Por Ely José de Mattos, economista e professor da Escola de Negócios da PUCRS
A pandemia do novo coronavírus está estabelecida, nos trazendo toda sorte de desafios. E esta semana tem crescido uma polêmica sobre uma potencial escolha que precisaria ser feita: manter o isolamento ou salvar a economia. Alguns empresários semearam a polêmica ao vir às redes sociais afirmar que o número de mortes pelo vírus poderia não justificar a crise econômica na qual estaremos metidos depois que superarmos a epidemia. Uma falsa polêmica!
Comecemos pela doença. O isolamento tem se mostrado, globalmente, a melhor alternativa para conter a propagação do vírus. E isso é extremamente importante, pois a COVID19 associa uma taxa de letalidade que não é desprezível (especialmente para os grupos de risco) e uma taxa de contágio muito alta, ou seja, muitas pessoas tendem a ficar doentes ao mesmo tempo - e, assim, o número absoluto de mortes acaba sendo grande, como estamos vendo na Itália, Espanha e Irã. E em função dessas características, os sistemas de saúde são levados ao limite.
É fácil perceber o benefício de medidas mais radicais na contenção da epidemia para salvar vidas. Isso deveria bastar, não? Mas, a polêmica com a economia surgiu esta semana com força. O argumento é que o fechamento dos negócios vai provocar uma crise tão grande, que gerará mais custos do que as mortes e internações pela COVID19 em uma situação de não isolamento. Logo, as medidas seriam exageradas. Errado, por duas razões!
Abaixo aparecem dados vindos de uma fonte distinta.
(* Let $\dot G$ be a connected, non-complete, $5$-regular and $3$ net-regular SRSG belonging to $\mathcal C_1\cup\mathcal C_4\cup\mathcal C_5$. If $\dot G$ contains an unbalanced triangle (a triangle whose product of edge signs is $-1$), then $\dot G$ is isomorphic either to $\dot S^1_8$, an SRSG with parameters $(8,5,-2,4,4)$, or to $\dot S^1_{10}$, an SRSG with parameters $(10,5,-2,4,2)$.
   Context: A signed graph $\dot G=(G,\sigma)$ is a simple graph $G$ with a sign function $\sigma:E(G)\to\{+1,-1\}$; adjacency matrix $A_{\dot G}$ has entries $\sigma(v_iv_j)$ for adjacent $v_i,v_j$ and $0$ otherwise. Connectedness and degree refer to $G$; $d^\pm(v)$ are the numbers of positive/negative edges at $v$; net-degree is $d^+(v)-d^-(v)$; $\rho$ net-regular means all net-degrees equal $\rho$. Homogeneous means all edges have the same sign. $\dot G$ on $n$ vertices is an SRSG if it is neither homogeneous complete nor edgeless and there exist $r\in\mathbb N$, $a,b,c\in\mathbb Z$ with $(A_{\dot G}^2)_{ii}=r$, $(A_{\dot G}^2)_{ij}=a$ for positive edges $v_iv_j$, $=b$ for negative edges, $=c$ for distinct non-adjacent $v_i,v_j$; parameters $(n,r,a,b,c)$ (non-complete) or $(n,r,a,b)$ (complete). Inhomogeneous SRSGs are split into classes: $\mathcal C_1$: $a=-b$ and either complete, or non-complete with $c\neq0$; $\mathcal C_2$: $a=-b$, non-complete, $c=0$; $\mathcal C_3$: $a\ne -b$ and either complete or non-complete with $c=\frac{a+b}{2}$; $\mathcal C_4$: $a\neq-b$, non-complete, $c=0$; $\mathcal C_5$: $a\ne-b$, non-complete, $c\ne\frac{a+b}2$, $c\neq 0$. For $m\in\{4,5\}$, $\dot S^1_{2m}$ has vertex set $\{x_t,y_t:t\in\mathbb Z_m\}$, negative edges $x_ty_t$ ($t\in\mathbb Z_m$), positive edges all four edges between $\{x_t,y_t\}$ and $\{x_{t+1},y_{t+1}\}$ for each $t$, and no other edges. *)

From mathcomp Require Import all_boot all_order all_algebra.
Set Implicit Arguments. Unset Strict Implicit. Unset Printing Implicit Defensive.
Import Order.TTheory GRing.Theory Num.Theory.
Local Open Scope ring_scope.

(* A signed graph on a finite vertex type T is given by its adjacency
   function A : T -> T -> int (the signed adjacency matrix):
   A x y = sigma(xy) in {+1,-1} if xy is an edge, 0 otherwise;
   simple graph: symmetric, loopless. *)
Definition signed_graph (T : finType) (A : T -> T -> int) : Prop :=
  (forall x, A x x = 0) /\ (forall x y, A x y = A y x) /\
  (forall x y, A x y = 0 \/ A x y = 1 \/ A x y = -1).

Definition adjacent (T : finType) (A : T -> T -> int) (x y : T) : bool :=
  A x y != 0.

Definition sq (T : finType) (A : T -> T -> int) (x y : T) : int :=
  \sum_(z : T) A x z * A z y.

Definition deg (T : finType) (A : T -> T -> int) (x : T) : nat :=
  #|[set y | A x y != 0]|.
Definition dplus (T : finType) (A : T -> T -> int) (x : T) : nat :=
  #|[set y | A x y == 1]|.
Definition dminus (T : finType) (A : T -> T -> int) (x : T) : nat :=
  #|[set y | A x y == -1]|.
Definition net_deg (T : finType) (A : T -> T -> int) (x : T) : int :=
  (dplus A x)%:Z - (dminus A x)%:Z.

Definition regular (T : finType) (A : T -> T -> int) (k : nat) : Prop :=
  forall x, deg A x = k.
Definition net_regular (T : finType) (A : T -> T -> int) (rho : int) : Prop :=
  forall x, net_deg A x = rho.

Definition connected (T : finType) (A : T -> T -> int) : Prop :=
  forall x y, connect (adjacent A) x y.

Definition complete (T : finType) (A : T -> T -> int) : Prop :=
  forall x y, x != y -> A x y != 0.
Definition edgeless (T : finType) (A : T -> T -> int) : Prop :=
  forall x y, A x y = 0.
Definition homogeneous (T : finType) (A : T -> T -> int) : Prop :=
  (forall x y, A x y != -1) \/ (forall x y, A x y != 1).

Definition srsg_cond (T : finType) (A : T -> T -> int)
    (r : nat) (a b c : int) : Prop :=
  (forall x, sq A x x = r%:Z) /\
  (forall x y, A x y = 1 -> sq A x y = a) /\
  (forall x y, A x y = -1 -> sq A x y = b) /\
  (forall x y, x != y -> A x y = 0 -> sq A x y = c).

Definition SRSG (T : finType) (A : T -> T -> int) : Prop :=
  ~ (homogeneous A /\ complete A) /\ ~ edgeless A /\
  exists r a b c, srsg_cond A r a b c.

Definition SRSG_params (T : finType) (A : T -> T -> int)
    (n r : nat) (a b c : int) : Prop :=
  SRSG A /\ #|T| = n /\ ~ complete A /\ srsg_cond A r a b c.

(* Membership in C1 ∪ C4 ∪ C5 for a non-complete inhomogeneous SRSG with
   parameters (r,a,b,c) (for non-complete ones these classes read):
   C1: a = -b, c <> 0;  C4: a <> -b, c = 0;
   C5: a <> -b, c <> (a+b)/2, c <> 0. *)
Definition in_C1 (a b c : int) : Prop := a = - b /\ c != 0.
Definition in_C4 (a b c : int) : Prop := a != - b /\ c = 0.
Definition in_C5 (a b c : int) : Prop :=
  a != - b /\ 2 * c != a + b /\ c != 0.

Definition inhomogeneous (T : finType) (A : T -> T -> int) : Prop :=
  ~ homogeneous A.

Definition has_unbalanced_triangle (T : finType) (A : T -> T -> int) : Prop :=
  exists x y z : T, [/\ x != y, y != z & x != z] /\
    [/\ A x y != 0, A y z != 0, A x z != 0 & A x y * A y z * A z x = -1].

Definition sg_iso (T T' : finType) (A : T -> T -> int) (B : T' -> T' -> int)
  : Prop :=
  exists f : T -> T', bijective f /\ forall x y, B (f x) (f y) = A x y.

(* The signed graph S^1_{2m}: vertices x_t = (t,false), y_t = (t,true),
   t in Z_m; negative edges x_t y_t; positive edges between {x_t,y_t} and
   {x_{t+1},y_{t+1}}. *)
Definition S1 (m : nat) (u v : 'I_m * bool) : int :=
  if u.1 == v.1 then (if u.2 != v.2 then -1 else 0)
  else if ((u.1).+1 %% m == v.1)%N || ((v.1).+1 %% m == u.1)%N then 1
  else 0.

From mathcomp Require Import all_boot all_order all_algebra.
From mathcomp Require Import ring zify.
Set Implicit Arguments. Unset Strict Implicit. Unset Printing Implicit Defensive.
Import Order.TTheory GRing.Theory Num.Theory.
Local Open Scope ring_scope.

(* Degree 5 and net degree 3 leave every vertex four positive neighbours and
   one negative one, its mate, so A = P - N with N the permutation matrix of
   an involution. As a + b <> 2c, comparing A A^2 with A^2 A gives PN = NP.
   The unbalanced triangle makes b >= 1, and counting common positive
   neighbours then shows that positive neighbourhoods are closed under taking
   mates: each one is the union of two pairs {x, mate x}. Contracting the
   pairs leaves a connected 2-regular graph, a cycle C_m, of which the signed
   graph is the doubling S^1_2m. Non-completeness forces a = -2, so m > 3,
   and the value of c on a pair of vertices at distance two closes the cycle
   after at most five steps. *)

Definition ind (b : bool) : int := if b then 1 else 0.

Lemma ind_and b1 b2 : ind b1 * ind b2 = ind (b1 && b2).
Proof. by case: b1; case: b2; rewrite /= ?mulr1 ?mulr0. Qed.

Section FiniteSums.
Variable T : finType.

Lemma sum_ind (p : pred T) : \sum_z ind (p z) = (#|[set z | p z]|)%:Z.
Proof.
rewrite -sum1dep_card (big_morph Posz PoszD (erefl _)) [RHS]big_mkcond.
by apply: eq_bigr => z _; case: (p z).
Qed.

Lemma sum_mul_ind_eq (F : T -> int) w : \sum_z F z * ind (z == w) = F w.
Proof.
rewrite (bigD1 w) //= eqxx mulr1 big1 ?addr0 // => z /negbTE ->.
by rewrite mulr0.
Qed.

Lemma sum_ind_eq_mul (F : T -> int) w : \sum_z ind (z == w) * F z = F w.
Proof. by rewrite -[RHS](sum_mul_ind_eq F w); apply: eq_bigr => z _; rewrite mulrC. Qed.

Lemma uniq_size_le_card (S : {set T}) (s : seq T) :
  uniq s -> all (mem S) s -> (size s <= #|S|)%N.
Proof.
move=> /card_uniqP <- /allP sS.
by apply: subset_leq_card; apply/subsetP => z /sS.
Qed.

Lemma card_add_size_le (S Q : {set T}) (s : seq T) :
  uniq s -> all (mem S) s -> {subset Q <= [predD S & s]} ->
  (#|Q| + size s <= #|S|)%N.
Proof.
move=> /card_uniqP <- /allP sS QS; rewrite -cardUI.
have -> : #|[predI Q & s]| = 0%N.
  by apply: eq_card0 => z; rewrite !inE; apply/andP => -[/QS]; rewrite !inE => /andP[/negP].
rewrite addn0; apply: subset_leq_card; apply/subsetP => z.
by rewrite !inE => /orP[/QS /andP[]|/sS].
Qed.

Lemma sq_assoc (A : T -> T -> int) x y :
  \sum_z A x z * sq A z y = \sum_z sq A x z * A z y.
Proof.
rewrite /sq; transitivity (\sum_z \sum_w A x z * A z w * A w y).
  by apply: eq_bigr => z _; rewrite big_distrr; apply: eq_bigr => w _ /=; rewrite mulrA.
by rewrite exchange_big; apply: eq_bigr => w _; rewrite big_distrl.
Qed.

End FiniteSums.

Lemma ordS_ordS_neq m (i : 'I_m) : (2 < m)%N -> ordS (ordS i) != i.
Proof.
move=> m_gt2; rewrite -val_eqE /= -addn1 modnDml addn1.
have i_lt := ltn_ord i.
have [lt_i2m | le_mi2] := ltnP i.+2 m; first by rewrite modn_small // gtn_eqF.
have -> : i.+2 = (i.+2 - m + m)%N by lia.
by rewrite modnDr modn_small; lia.
Qed.

Lemma S1_cycle_adj m (i j : 'I_m) :
  ((i.+1 %% m == j) || (j.+1 %% m == i))%N = (j == ordS i) || (j == ord_pred i).
Proof.
congr (_ || _); first by rewrite eq_sym -val_eqE.
apply/eqP/eqP => [ji | ->]; last by have /(congr1 val) := ord_predK i.
by apply: ordS_inj; rewrite ord_predK; apply: val_inj.
Qed.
Primeiro, há estudos apontando que grandes recessões não causaram aumento significativo de mortalidade - ao contrário do que análises rasas por aí andam afirmando. Ainda que se atribua um valor estatístico à vida - o que já é um apelo desesperado para construir um argumento pobre - a conta não bate. Não é possível afirmar que "vai morrer mais gente de fome do que de COVID19" ou que "sairá mais caro".
Em segundo lugar, essa polêmica só teria algum sentido se ignorarmos o papel do Estado no suporte à economia. Em situações de crise como essa, é um equívoco monumental manter o apego ao ajuste fiscal. Já circulam ideias entre economistas que apontam gastos em torno de 5% do PIB para dar suporte à economia - especialmente às pessoas mais vulneráveis. É muito razoável e viável!
O governo federal precisa agir de acordo com a gravidade da crise. Caso contrário, estará plantando uma profecia auto-realizável: a crise será brutal pela sua inação.